WORK TASK:
Among the records below, find the lines with the word "frac" and copy them.

Records contained in a dataset
(* Let $n$ be a positive integer. (1) For $q>2$, $$\tilde\psi^{(n)}(q)=\frac12(-1)^{n+1}(n-1)!\left(\frac1{(q-2)^n}-\frac1{(q-1)^n}\right)+(-1)^n\sum_{k=1}^\infty\frac{2^k(n+k)!}{(k+1)!}\,\zeta_E(n+k+1,q).$$ (2) For $q>1$, $$\tilde\psi^{(n)}(q)=\frac12(-1)^{n+1}(n-1)!\left(\frac1{(q-1)^n}-\frac1{q^n}\right)+(-1)^n\sum_{k=1}^\infty\frac{(n+2k)!}{(2k+1)!}\,\zeta_E(n+2k+1,q).$$
   Context: For $q>0$, $\zeta_E(z,q)=\sum_{n=0}^\infty (-1)^n (n+q)^{-z}$ for $\mathrm{Re}(z)>0$, extended by analytic continuation to an entire function of $z$. The modified digamma function is $\tilde\psi(q):=-\zeta_E(1,q)=-\sum_{n\ge0}\frac{(-1)^n}{n+q}$ for $q>0$, and $\tilde\psi^{(n)}$ denotes its $n$-th derivative in $q$. *)

From Stdlib Require Import Reals.
From Coquelicot Require Import Coquelicot.
Open Scope R_scope.

(* For Re z > 0 the series converges and equals the analytic continuation;
   the statement only uses z = 1 and integer z >= 3. *)
Definition zetaE (z q : R) : R :=
  Series (fun m : nat => (-1) ^ m * Rpower (INR m + q) (- z)).

Definition psiE (q : R) : R := - zetaE 1 q.

From Stdlib Require Import Reals Lra Lia Ranalysis5.
From Coquelicot Require Import Coquelicot.
Open Scope R_scope.

(* Termwise differentiation gives psiE^(n)(q) = (-1)^(n+1) n! zetaE(n+1, q).
   For x = m + q the negative binomial series
     sum_j (n+j-1)!/j! c^j / x^(n+j) = (n-1)! / (x-c)^n,
   taken for c = 2 (resp. the odd part of its difference for c = 1 and c = -1),
   writes (x-2)^-n - x^-n (resp. (x-1)^-n - (x+1)^-n) as a nonnegative
   combination of powers x^-s with s > n.  Summing over m with signs (-1)^m turns
   x^-s into zetaE(s, q), while the left side telescopes:
   zetaE(n, q) - zetaE(n, q+2) = q^-n - (q+1)^-n.  Exchanging the two sums is
   legitimate because the remainder of an alternating series with decreasing
   terms is bounded by its first omitted term. *)

Lemma is_lim_seq_of_Rabs_le (u e : nat -> R) (l : R) :
  (forall n, Rabs (u n - l) <= e n) -> is_lim_seq e 0 -> is_lim_seq u l.
Proof.
  intros Hue He.
  assert (Hd : is_lim_seq (fun n => u n - l) 0).
  { apply is_lim_seq_abs_0.
    apply (is_lim_seq_le_le (fun _ => 0) _ e).
    - intro n. split; [apply Rabs_pos|apply Hue].
    - apply is_lim_seq_const.
    - exact He. }
  pose proof (is_lim_seq_plus' _ _ _ _ Hd (is_lim_seq_const l)) as Hu.
  rewrite Rplus_0_l in Hu.
  eapply is_lim_seq_ext; [|exact Hu]. intro n; simpl; ring.
Qed.

Lemma is_series_ext_eq (a b : nat -> R) (la lb : R) :
  (forall n, a n = b n) -> la = lb -> is_series a la -> is_series b lb.
Proof. intros Hab <-. now apply is_series_ext. Qed.

Lemma is_series_tail (u : nat -> R) (l : R) (M : nat) :
  is_series u l -> is_series (fun k => u (S M + k)%nat) (l - sum_n u M).
Proof.
  intro Hu. apply is_series_incr_n; [lia|].
  match goal with |- is_series _ ?x => replace x with l; [exact Hu|] end.
  change (l = l - sum_n u M + sum_n u M). ring.
Qed.

Lemma sum_n_Rmult_l (a : R) (u : nat -> R) (N : nat) :
  sum_n (fun k => a * u k) N = a * sum_n u N.
Proof. exact (sum_n_mult_l a u N). Qed.

Lemma is_series_sum_n_swap (f : nat -> nat -> R) (G : nat -> R) (M : nat) :
  (forall m, is_series (fun j => f j m) (G m)) ->
  is_series (fun j => sum_n (f j) M) (sum_n G M).
Proof.
  intro HG. induction M as [|M IH].
  - rewrite sum_O. eapply is_series_ext; [|exact (HG O)]. intro j. now rewrite sum_O.
  - rewrite sum_Sn. eapply is_series_ext; [|exact (is_series_plus _ _ _ _ IH (HG (S M)))].
    intro j. now rewrite sum_Sn.
Qed.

EXPECTED ANSWER:
(* Let $n$ be a positive integer. (1) For $q>2$, $$\tilde\psi^{(n)}(q)=\frac12(-1)^{n+1}(n-1)!\left(\frac1{(q-2)^n}-\frac1{(q-1)^n}\right)+(-1)^n\sum_{k=1}^\infty\frac{2^k(n+k)!}{(k+1)!}\,\zeta_E(n+k+1,q).$$ (2) For $q>1$, $$\tilde\psi^{(n)}(q)=\frac12(-1)^{n+1}(n-1)!\left(\frac1{(q-1)^n}-\frac1{q^n}\right)+(-1)^n\sum_{k=1}^\infty\frac{(n+2k)!}{(2k+1)!}\,\zeta_E(n+2k+1,q).$$
   Context: For $q>0$, $\zeta_E(z,q)=\sum_{n=0}^\infty (-1)^n (n+q)^{-z}$ for $\mathrm{Re}(z)>0$, extended by analytic continuation to an entire function of $z$. The modified digamma function is $\tilde\psi(q):=-\zeta_E(1,q)=-\sum_{n\ge0}\frac{(-1)^n}{n+q}$ for $q>0$, and $\tilde\psi^{(n)}$ denotes its $n$-th derivative in $q$. *)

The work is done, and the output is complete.